Jan said, “Because you killed a person.”

Twil snorted and stared across the road; she couldn’t see the massive spirit currently lumbering into one of the bus-bays painted on the tarmac, a huge creature with dozens of legs and a front end all flat and made of eyeballs.

Jan went on: “I mean back during the fight outside Edward’s house. The mage who was controlling Edward’s demon-host. You killed her during the fight.”

Twil leaned back on her hands, stretching out her back; her long dark curls hung downward, the tips brushing the grass. “Yeah, some fucking mini-mage who was trying to kill us, right?” She snorted. “Who cares?”

“Twil,” we said gently. “That’s not a healthy attitude.”

Twil shot me a sudden, sharp, stinging frown, with a lot more wolf than human behind her eyes, flashing amber in the dying sunlight; I flinched, hard. If she’d looked at us like that a few months ago, we probably would have scrambled back and squeaked like a mouse. But now our tentacles rose outward in a defensive display.

Twil couldn’t see that, of course, but half the spirit-life in the street sprinted for cover. We blushed and huffed and drew our tentacles back in. We hadn’t wanted to cause that.

Twil must have taken my blush as mortified retreat, because she growled at us — actually growled, a deep rumble down in her chest. “Yeah, cheers, Big H, I fucking guessed that. It was her or us—”

“Y-yes, but—”

“And Stack killed the rest of them! With bullets and shit. Why aren’t you bitching at her, huh?”
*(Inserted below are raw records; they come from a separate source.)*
(* Assume Assumption 1 and Assumption 2 with $\delta>1/10$. For any distinct $u,u_1,u_2\in L$, as $n_L,n_R\to\infty$, $$\Pr[(u_1,u_2)\in E\mid S_L,S_R,\ (u,u_1)\in E,\ (u,u_2)\in E]=\frac{1}{1+\frac{M_{R2}^2}{M_{R3}M_{R1}}w_u}+o(1).$$
   Context: Model: left nodes $L$ ($|L|=n_L$), right nodes $R$ ($|R|=n_R$), weight sequences $S_L=(w_u)_{u\in L}$, $S_R=(w_v)_{v\in R}$ of positive reals; $M_{Lk}=\frac1{n_L}\sum_{u\in L}w_u^k$, $M_{Rk}=\frac1{n_R}\sum_{v\in R}w_v^k$. The random bipartite graph $G_b=(L\sqcup R,E_b)$ contains each edge $(u,v)$, $u\in L$, $v\in R$, independently with probability $\min\left(\frac{w_uw_v}{n_RM_{R1}},1\right)$. The projected graph is $G=(L,E)$ with $(u,u')\in E$ for distinct $u,u'\in L$ iff there is $z\in R$ with $(u,z),(u',z)\in E_b$. Assumption 1: $\frac{w_uw_v}{n_RM_{R1}}\le1$ for all $u\in L,v\in R$. Assumption 2 (parameter $\delta>0$), as $n_L,n_R\to\infty$: $\max(S_L\cup S_R)=O(n_R^{1/2-\delta})$, $\min S_L=\Omega(1)$, $M_{R2}=O(M_{R1}^2)$, $M_{R4}=O(n_R^{1-2\delta})$. *)

From HB Require Import structures.
From mathcomp Require Import all_boot all_order all_algebra.
From mathcomp Require Import all_classical all_reals all_analysis.
Set Implicit Arguments. Unset Strict Implicit. Unset Printing Implicit Defensive.
Import Order.TTheory GRing.Theory Num.Theory.
Local Open Scope ring_scope.

Section Model.
Variable R : realType.

Definition moment (n : nat) (w : 'I_n -> R) (k : nat) : R :=
  (n%:R)^-1 * \sum_(i < n) w i ^+ k.

Definition edge_prob (nL nR : nat) (wL : 'I_nL -> R) (wR : 'I_nR -> R)
  (e : 'I_nL * 'I_nR) : R :=
  Num.min (wL e.1 * wR e.2 / (nR%:R * moment wR 1)) 1.

(* a realisation of the random bipartite graph G_b: the indicator of E_b *)
Definition config (nL nR : nat) := {ffun 'I_nL * 'I_nR -> bool}.

Definition config_weight (nL nR : nat) (wL : 'I_nL -> R) (wR : 'I_nR -> R)
  (g : config nL nR) : R :=
  \prod_(e : 'I_nL * 'I_nR)
     (if g e then edge_prob wL wR e else 1 - edge_prob wL wR e).

Definition prob (nL nR : nat) (wL : 'I_nL -> R) (wR : 'I_nR -> R)
  (A : pred (config nL nR)) : R :=
  \sum_(g : config nL nR | A g) config_weight wL wR g.

Definition cond_prob (nL nR : nat) (wL : 'I_nL -> R) (wR : 'I_nR -> R)
  (A B : pred (config nL nR)) : R :=
  prob wL wR (predI A B) / prob wL wR B.

End Model.

(* edge of the projected graph G on L: distinct a, b with a common neighbour in R *)
Definition proj_edge (nL nR : nat) (g : config nL nR) (a b : 'I_nL) : bool :=
  (a != b) && [exists z : 'I_nR, g (a, z) && g (b, z)].

From HB Require Import structures.
From mathcomp Require Import all_boot all_order all_algebra.
From mathcomp Require Import all_classical all_reals all_analysis.
From mathcomp Require Import ring lra.
Import Order.TTheory GRing.Theory Num.Theory.
Import numFieldNormedType.Exports.
Local Open Scope classical_set_scope.
Local Open Scope ring_scope.
Set Implicit Arguments. Unset Strict Implicit. Unset Printing Implicit Defensive.

(* Fix distinct left nodes u, u1, u2 and write p z, q z, r z for the
   probabilities of the bipartite edges (u, z), (u1, z), (u2, z); let
   alpha = sum p q, beta = sum p r, gamma = sum q r (expected numbers of
   common neighbours of the three pairs) and tau = sum p q r.
   1. Independence: an event constraining each right node z only through its
      column (g (u, z), g (u1, z), g (u2, z)) has probability a product over z.
      This gives exact formulas for the conditioning probability
      1 - prod (1 - p q) - prod (1 - p r) + prod (1 - p q - p r + p q r) and for
      the probability 1 - prod (1 - p q r) of a common neighbour of the triple.
   2. All three pairs are projected edges when the triple has a common
      neighbour; otherwise distinct witnesses a, b, c serve the three pairs, and
      a union bound over them costs at most alpha beta gamma.
   3. Elementary product inequalities then show that the conditional
      probability is tau / (tau + alpha beta) up to 4 (alpha + beta + gamma + max p).
   4. Under Assumption 1, p = w_u w_z / (n_R M_R1), and tau / (tau + alpha beta)
      is exactly 1 / (1 + M_R2^2 / (M_R3 M_R1) w_u).
   5. Weights O(n_R^(1/2 - delta)) and M_R2 = O(M_R1^2) make every pair sum
      O(n_R^(-2 delta)); column probabilities are bounded by square roots of
      pair sums, so the error of step 3 vanishes. *)

Section FiniteSums.
Variable R : realType.

Lemma sum_indicator (T : finType) (F : T -> R) (t0 : T) :
  \sum_t F t * (t == t0)%:R = F t0.
Proof.
rewrite (bigD1 t0) //= eqxx mulr1 big1 ?addr0 // => t /negbTE ->; exact: mulr0.
Qed.

Lemma prod_if_eq (T : finType) (a : T) (c : T -> R) :
  \prod_t (if t == a then c t else 1) = c a.
Proof. by rewrite (bigD1 a) //= eqxx big1 ?mulr1 // => t /negbTE ->. Qed.

Lemma sum_prod3 (A B C : finType) (F : A * B * C -> R) :
  \sum_t F t = \sum_(a : A) \sum_(b : B) \sum_(c : C) F (a, b, c).
Proof.
rewrite (pair_bigA _ (fun a b => \sum_c F (a, b, c))) /=.
rewrite [RHS](eq_bigr (fun ab => \sum_c F (ab, c))); last by case.
by rewrite (pair_bigA _ (fun ab c => F (ab, c))) /=; apply: eq_bigr => -[].
Qed.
“Twil!” We tried to snap, but it came out weak and confused. She was in more pain than we’d expected. “I’m not ‘bitching’ at you, please—”

“Sounds like it to—”

“You can’t just shrug it off!”

Twil sneered. She wriggled an absurdly exaggerated double-shrug motion with her shoulders, then threw up her hands. “There! Shrugged off!”
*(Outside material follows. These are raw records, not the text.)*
(* Let $q \geq 1$ and let $k$ be a positive integer with $k < n$. Let $\boldsymbol{B} = [\boldsymbol{B}[1] \ \cdots \ \boldsymbol{B}[n]] \in \mathbb{R}^{D \times N}$ be a dictionary with unit-norm columns, blocks $\boldsymbol{B}[i] \in \mathbb{R}^{D \times m_i}$, and pairwise disjoint block subspaces $\mathcal{S}_i = \operatorname{span}(\boldsymbol{B}[i])$. Assume that every signal $\boldsymbol{y} \in \mathbb{R}^D$ that admits a $k$-block-sparse representation admits a unique one. For an index set $\Lambda \subseteq \{1,\dots,n\}$ and $\boldsymbol{x} \in \bigoplus_{i \in \Lambda} \mathcal{S}_i$ let $$W_\Lambda(\boldsymbol{x}) = \min\Big\{ \sum_{i \in \Lambda} \|\boldsymbol{B}[i]\boldsymbol{c}[i]\|_q \;:\; \boldsymbol{x} = \sum_{i \in \Lambda} \boldsymbol{B}[i]\boldsymbol{c}[i] \Big\}.$$ Then the following are equivalent: (i) for every $\Lambda_k \subseteq \{1,\dots,n\}$ with $|\Lambda_k| = k$ and every $\boldsymbol{y} \in \bigoplus_{i \in \Lambda_k} \mathcal{S}_i$, every optimal solution $\boldsymbol{c}^*$ of $P'_{\ell_q/\ell_1}(\boldsymbol{y})$ satisfies $\boldsymbol{B}[i]\boldsymbol{c}^*[i] = \boldsymbol{0}$ for all $i \notin \Lambda_k$ (i.e. the solution of $P'_{\ell_q/\ell_1}$ coincides with that of $P'_{\ell_q/\ell_0}$); (ii) for every $\Lambda_k$ with $|\Lambda_k| = k$, writing $\widehat{\Lambda}_k = \{1,\dots,n\}\setminus \Lambda_k$, and every nonzero $\boldsymbol{x} \in \big(\bigoplus_{i \in \Lambda_k} \mathcal{S}_i\big) \cap \big(\bigoplus_{i \in \widehat{\Lambda}_k} \mathcal{S}_i\big)$, one has $W_{\Lambda_k}(\boldsymbol{x}) < W_{\widehat{\Lambda}_k}(\boldsymbol{x})$.
   Context: The dictionary $\boldsymbol{B} \in \mathbb{R}^{D\times N}$ has columns of unit Euclidean norm and is partitioned into $n$ blocks $\boldsymbol{B}[i] \in \mathbb{R}^{D \times m_i}$; blocks may have linearly dependent columns. $\mathcal{S}_i$ is the column span of $\boldsymbol{B}[i]$, and $\mathcal{S}_i \cap \mathcal{S}_j = \{0\}$ for $i \neq j$. A vector $\boldsymbol{c} \in \mathbb{R}^N$ is written $\boldsymbol{c} = (\boldsymbol{c}[1]; \dots; \boldsymbol{c}[n])$ with $\boldsymbol{c}[i] \in \mathbb{R}^{m_i}$. A $k$-block-sparse representation of $\boldsymbol{y}$ is an expression $\boldsymbol{y} = \sum_{i \in \Lambda} \boldsymbol{s}_i$ with $|\Lambda| \le k$ and $\boldsymbol{s}_i \in \mathcal{S}_i \setminus \{0\}$; it is unique if any two such expressions have the same $\Lambda$ and the same $\boldsymbol{s}_i$. $P'_{\ell_q/\ell_1}(\boldsymbol{y})$ is the convex program $\min_{\boldsymbol{c}} \sum_{i=1}^n \|\boldsymbol{B}[i]\boldsymbol{c}[i]\|_q$ subject to $\boldsymbol{y} = \boldsymbol{B}\boldsymbol{c}$; $P'_{\ell_q/\ell_0}(\boldsymbol{y})$ is $\min_{\boldsymbol{c}} \#\{i : \|\boldsymbol{B}[i]\boldsymbol{c}[i]\|_q \neq 0\}$ subject to $\boldsymbol{y} = \boldsymbol{B}\boldsymbol{c}$. *)

From HB Require Import structures.
From mathcomp Require Import all_boot all_order all_algebra.
From mathcomp Require Import classical_sets reals exp.
Set Implicit Arguments. Unset Strict Implicit. Unset Printing Implicit Defensive.
Import Order.TTheory GRing.Theory Num.Theory.
Local Open Scope ring_scope.
Local Open Scope classical_set_scope.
I hadn’t seen Twil this combative and obstinate since the very first time we’d met, when she’d ambushed me and Evee in the corridors beneath Sharrowford University Library. Back then, I’d stood up to her, I’d slapped her across the face, and Evee had followed up with her walking stick. We were more than capable of standing up to Twil all over again; we knew that a good shout would make her back down and apologise for being rude.

But that wasn’t what she needed. She wasn’t being a bully; she was in pain.

“Twil,” we forced ourselves to be gentle. “T-that’s not— not what I’m trying to—”

Jan said: “Did you vomit?”

Twil squinted past me. “Eh?”

“Did you vomit?” Jan repeated. “After you killed the mage — the woman, in that gunfight. If I remember correctly, you broke her skull on the side of a fountain, right? Did you vomit?”

Twil stared, then squinted, as if Jan was insulting her. “Of course I fucking vomited. You were there! You saw me. Those corpses were fucked up, anybody would—”

“That’s not what I mean,” said Jan. Somehow the softness of her voice cut through Twil’s anger better than my tentative politeness ever could; her eyes, like blue flame seen from orbit, seemed untouched by the distant sunset. “I mean later. When you sat down and thought about it. When you washed the blood off. Did you vomit?”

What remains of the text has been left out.